WHAT IS NEEDED:
Give back an exact copy of the lines in the records below, from the line that has "(* the largest" through the line that has "by have := leq_trunc_div (n", and nothing besides.

MATERIAL TO PROCESS:

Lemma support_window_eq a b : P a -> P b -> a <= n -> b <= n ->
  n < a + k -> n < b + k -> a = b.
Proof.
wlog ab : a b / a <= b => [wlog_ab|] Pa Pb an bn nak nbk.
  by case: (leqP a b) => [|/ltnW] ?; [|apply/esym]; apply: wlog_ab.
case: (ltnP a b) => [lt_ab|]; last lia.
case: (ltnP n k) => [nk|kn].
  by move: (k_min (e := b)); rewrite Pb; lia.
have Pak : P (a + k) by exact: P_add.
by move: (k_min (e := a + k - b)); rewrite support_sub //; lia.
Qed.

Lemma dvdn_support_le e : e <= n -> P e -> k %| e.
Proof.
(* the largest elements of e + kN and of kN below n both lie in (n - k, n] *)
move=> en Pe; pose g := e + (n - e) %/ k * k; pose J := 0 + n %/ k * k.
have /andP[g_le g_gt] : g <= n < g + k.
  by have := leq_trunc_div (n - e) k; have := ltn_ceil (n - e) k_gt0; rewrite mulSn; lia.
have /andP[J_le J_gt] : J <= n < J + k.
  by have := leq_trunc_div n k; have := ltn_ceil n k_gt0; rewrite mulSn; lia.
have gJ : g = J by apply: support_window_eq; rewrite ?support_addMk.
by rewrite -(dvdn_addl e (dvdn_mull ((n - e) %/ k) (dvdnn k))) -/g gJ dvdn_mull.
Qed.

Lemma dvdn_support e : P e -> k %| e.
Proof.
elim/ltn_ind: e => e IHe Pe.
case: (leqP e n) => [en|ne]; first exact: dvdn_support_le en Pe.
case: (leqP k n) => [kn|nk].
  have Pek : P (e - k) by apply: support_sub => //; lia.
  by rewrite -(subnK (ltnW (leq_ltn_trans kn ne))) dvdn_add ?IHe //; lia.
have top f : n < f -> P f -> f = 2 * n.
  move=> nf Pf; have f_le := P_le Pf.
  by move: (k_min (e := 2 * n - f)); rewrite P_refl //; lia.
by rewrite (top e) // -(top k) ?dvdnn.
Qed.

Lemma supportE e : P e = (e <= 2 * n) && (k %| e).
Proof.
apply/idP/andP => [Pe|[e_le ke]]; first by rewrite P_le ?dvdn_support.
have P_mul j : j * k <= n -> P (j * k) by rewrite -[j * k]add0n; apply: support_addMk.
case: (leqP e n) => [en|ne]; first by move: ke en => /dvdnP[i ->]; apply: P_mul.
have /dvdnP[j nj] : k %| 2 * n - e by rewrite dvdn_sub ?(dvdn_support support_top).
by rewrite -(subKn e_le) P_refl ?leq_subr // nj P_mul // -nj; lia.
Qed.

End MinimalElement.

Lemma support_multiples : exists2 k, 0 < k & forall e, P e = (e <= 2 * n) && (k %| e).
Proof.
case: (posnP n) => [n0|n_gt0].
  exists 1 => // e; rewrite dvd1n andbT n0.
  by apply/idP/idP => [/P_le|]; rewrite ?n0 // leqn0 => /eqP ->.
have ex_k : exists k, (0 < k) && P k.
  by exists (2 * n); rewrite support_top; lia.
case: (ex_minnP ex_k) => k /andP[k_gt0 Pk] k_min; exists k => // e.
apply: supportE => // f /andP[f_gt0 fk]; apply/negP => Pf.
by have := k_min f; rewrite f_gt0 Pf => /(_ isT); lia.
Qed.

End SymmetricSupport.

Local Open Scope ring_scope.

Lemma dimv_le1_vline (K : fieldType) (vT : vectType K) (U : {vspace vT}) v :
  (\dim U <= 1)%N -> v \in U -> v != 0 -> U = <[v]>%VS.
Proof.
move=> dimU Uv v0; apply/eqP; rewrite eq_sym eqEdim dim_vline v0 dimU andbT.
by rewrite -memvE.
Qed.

==

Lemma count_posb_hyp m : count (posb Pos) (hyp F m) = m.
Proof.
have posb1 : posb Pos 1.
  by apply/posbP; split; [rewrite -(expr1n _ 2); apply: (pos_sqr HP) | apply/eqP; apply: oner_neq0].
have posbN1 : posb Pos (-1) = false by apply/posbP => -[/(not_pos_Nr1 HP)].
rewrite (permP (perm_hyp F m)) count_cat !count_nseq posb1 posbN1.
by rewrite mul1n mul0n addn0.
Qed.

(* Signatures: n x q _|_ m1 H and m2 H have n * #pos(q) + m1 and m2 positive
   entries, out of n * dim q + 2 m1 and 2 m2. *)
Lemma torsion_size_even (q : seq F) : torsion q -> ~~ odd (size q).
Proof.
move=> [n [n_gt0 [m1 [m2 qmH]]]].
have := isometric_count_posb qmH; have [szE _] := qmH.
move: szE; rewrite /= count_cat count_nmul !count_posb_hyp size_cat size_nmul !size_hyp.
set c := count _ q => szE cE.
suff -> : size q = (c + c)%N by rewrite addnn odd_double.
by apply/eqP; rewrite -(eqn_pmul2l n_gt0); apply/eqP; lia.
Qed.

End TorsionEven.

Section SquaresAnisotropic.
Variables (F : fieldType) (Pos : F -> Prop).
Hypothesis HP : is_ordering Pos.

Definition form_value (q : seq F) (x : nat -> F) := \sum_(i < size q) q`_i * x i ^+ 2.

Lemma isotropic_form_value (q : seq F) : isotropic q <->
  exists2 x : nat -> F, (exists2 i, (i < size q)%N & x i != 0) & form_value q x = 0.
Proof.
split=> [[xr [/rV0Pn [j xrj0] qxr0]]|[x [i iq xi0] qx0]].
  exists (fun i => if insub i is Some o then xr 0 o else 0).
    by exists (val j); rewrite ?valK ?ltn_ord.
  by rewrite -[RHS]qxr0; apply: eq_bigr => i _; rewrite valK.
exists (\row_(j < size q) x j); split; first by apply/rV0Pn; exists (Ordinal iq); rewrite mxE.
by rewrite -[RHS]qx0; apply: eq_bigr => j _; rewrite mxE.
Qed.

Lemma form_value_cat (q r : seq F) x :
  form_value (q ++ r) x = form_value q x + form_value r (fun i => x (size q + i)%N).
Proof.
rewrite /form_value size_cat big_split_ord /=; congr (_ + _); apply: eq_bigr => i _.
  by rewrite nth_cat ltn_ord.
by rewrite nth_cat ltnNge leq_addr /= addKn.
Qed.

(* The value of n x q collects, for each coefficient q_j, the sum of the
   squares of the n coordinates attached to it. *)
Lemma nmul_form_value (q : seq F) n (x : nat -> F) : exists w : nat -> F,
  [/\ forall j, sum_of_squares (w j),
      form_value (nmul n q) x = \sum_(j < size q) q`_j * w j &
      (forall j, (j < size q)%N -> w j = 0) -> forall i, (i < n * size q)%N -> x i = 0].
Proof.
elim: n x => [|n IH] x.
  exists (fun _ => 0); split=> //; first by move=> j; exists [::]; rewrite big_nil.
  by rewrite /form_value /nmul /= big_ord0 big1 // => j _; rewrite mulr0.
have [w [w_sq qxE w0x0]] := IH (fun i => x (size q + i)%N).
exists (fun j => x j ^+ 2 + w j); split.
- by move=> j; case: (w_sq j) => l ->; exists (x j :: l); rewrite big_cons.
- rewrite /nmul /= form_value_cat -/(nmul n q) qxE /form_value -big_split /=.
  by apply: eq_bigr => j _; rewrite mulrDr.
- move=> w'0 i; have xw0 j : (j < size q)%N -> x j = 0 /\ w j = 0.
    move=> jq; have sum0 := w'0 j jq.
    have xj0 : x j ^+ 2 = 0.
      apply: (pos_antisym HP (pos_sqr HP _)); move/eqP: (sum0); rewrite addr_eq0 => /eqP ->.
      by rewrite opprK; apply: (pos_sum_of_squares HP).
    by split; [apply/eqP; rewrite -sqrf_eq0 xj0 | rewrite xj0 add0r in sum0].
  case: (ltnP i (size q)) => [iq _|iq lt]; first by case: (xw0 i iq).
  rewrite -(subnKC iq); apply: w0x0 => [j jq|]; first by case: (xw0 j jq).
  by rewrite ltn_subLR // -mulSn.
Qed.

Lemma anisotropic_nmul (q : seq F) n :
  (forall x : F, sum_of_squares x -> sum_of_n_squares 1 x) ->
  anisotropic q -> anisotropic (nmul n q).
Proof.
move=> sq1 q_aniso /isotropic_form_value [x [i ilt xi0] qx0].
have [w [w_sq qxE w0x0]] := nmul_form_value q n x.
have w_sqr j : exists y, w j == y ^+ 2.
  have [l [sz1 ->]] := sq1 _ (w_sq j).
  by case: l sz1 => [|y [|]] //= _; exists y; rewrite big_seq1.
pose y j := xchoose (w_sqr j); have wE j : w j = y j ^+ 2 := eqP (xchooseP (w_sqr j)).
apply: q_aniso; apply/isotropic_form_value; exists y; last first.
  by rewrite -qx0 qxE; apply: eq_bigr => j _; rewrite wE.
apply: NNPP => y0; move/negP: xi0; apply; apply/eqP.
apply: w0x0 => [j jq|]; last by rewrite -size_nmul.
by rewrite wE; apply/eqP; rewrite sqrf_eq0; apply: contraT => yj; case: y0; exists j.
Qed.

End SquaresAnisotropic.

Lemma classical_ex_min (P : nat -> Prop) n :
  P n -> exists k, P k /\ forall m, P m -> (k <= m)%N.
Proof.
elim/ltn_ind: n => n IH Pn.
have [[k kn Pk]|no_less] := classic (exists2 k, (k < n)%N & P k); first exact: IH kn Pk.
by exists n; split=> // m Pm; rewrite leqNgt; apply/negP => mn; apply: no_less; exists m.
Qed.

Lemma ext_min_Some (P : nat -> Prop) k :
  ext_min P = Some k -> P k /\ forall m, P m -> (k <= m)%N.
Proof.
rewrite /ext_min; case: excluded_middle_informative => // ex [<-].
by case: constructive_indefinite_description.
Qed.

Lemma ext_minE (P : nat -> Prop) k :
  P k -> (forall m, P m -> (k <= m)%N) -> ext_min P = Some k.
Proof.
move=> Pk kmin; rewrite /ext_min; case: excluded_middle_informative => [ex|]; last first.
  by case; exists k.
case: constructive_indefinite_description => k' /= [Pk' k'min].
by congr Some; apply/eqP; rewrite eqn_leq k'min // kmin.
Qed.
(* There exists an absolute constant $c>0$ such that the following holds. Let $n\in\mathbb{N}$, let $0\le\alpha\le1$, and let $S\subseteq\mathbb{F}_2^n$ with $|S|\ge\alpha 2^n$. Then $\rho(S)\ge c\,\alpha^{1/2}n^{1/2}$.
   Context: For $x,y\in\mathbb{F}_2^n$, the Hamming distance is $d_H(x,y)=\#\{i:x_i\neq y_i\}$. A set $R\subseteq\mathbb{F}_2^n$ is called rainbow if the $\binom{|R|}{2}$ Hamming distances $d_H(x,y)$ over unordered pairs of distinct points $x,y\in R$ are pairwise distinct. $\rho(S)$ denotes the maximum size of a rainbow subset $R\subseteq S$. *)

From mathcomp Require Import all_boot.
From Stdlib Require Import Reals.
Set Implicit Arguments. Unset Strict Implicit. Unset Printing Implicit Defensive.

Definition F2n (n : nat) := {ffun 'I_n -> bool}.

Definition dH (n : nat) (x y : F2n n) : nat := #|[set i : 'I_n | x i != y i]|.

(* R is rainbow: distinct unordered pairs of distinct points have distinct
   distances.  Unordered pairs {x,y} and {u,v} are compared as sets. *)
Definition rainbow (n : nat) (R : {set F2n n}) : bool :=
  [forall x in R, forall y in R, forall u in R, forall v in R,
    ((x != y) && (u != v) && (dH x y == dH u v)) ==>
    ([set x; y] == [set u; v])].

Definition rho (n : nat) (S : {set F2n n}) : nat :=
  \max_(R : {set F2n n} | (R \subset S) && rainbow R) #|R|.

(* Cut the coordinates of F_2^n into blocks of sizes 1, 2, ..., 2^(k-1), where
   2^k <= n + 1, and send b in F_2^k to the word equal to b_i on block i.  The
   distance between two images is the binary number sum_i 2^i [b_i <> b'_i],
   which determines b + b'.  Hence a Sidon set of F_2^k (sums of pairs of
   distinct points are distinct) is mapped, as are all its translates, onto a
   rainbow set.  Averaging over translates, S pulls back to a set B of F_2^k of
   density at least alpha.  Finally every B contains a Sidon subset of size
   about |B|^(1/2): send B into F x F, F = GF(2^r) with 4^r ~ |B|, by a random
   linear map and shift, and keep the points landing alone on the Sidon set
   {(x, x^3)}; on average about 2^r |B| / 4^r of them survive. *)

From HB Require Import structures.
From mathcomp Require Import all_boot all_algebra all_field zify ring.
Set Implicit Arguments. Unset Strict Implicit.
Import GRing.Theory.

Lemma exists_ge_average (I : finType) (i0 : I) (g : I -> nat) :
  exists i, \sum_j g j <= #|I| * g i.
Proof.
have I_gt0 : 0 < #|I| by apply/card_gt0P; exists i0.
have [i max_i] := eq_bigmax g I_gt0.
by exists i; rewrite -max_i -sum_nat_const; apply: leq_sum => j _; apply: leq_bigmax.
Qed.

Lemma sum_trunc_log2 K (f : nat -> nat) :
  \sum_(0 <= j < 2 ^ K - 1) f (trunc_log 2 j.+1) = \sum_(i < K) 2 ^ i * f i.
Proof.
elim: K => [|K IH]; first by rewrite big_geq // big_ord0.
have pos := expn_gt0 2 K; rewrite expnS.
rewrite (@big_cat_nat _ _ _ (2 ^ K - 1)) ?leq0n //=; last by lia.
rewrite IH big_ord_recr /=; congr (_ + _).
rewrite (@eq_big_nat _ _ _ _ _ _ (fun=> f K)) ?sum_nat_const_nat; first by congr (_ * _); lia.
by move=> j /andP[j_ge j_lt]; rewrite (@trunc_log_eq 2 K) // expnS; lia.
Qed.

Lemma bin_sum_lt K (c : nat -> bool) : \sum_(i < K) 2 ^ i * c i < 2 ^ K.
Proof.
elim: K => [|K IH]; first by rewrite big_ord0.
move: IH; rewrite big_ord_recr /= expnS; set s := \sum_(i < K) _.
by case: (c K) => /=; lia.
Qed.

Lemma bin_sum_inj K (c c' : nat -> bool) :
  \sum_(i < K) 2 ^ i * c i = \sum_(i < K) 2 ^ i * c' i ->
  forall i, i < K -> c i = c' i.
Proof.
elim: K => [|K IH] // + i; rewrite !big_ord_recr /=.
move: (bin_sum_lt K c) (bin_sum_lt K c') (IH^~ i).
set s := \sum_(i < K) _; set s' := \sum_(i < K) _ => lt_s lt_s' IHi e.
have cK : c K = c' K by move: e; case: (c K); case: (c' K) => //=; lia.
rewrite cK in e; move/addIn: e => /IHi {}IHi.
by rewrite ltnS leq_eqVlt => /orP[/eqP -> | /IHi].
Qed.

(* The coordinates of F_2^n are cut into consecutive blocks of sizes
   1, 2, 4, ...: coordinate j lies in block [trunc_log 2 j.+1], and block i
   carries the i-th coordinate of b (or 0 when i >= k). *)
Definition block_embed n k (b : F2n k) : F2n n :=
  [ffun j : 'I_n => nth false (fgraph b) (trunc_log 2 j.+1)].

EXERCISE SOLUTION:
(* the largest elements of e + kN and of kN below n both lie in (n - k, n] *)
move=> en Pe; pose g := e + (n - e) %/ k * k; pose J := 0 + n %/ k * k.
have /andP[g_le g_gt] : g <= n < g + k.
  by have := leq_trunc_div (n - e) k; have := ltn_ceil (n - e) k_gt0; rewrite mulSn; lia.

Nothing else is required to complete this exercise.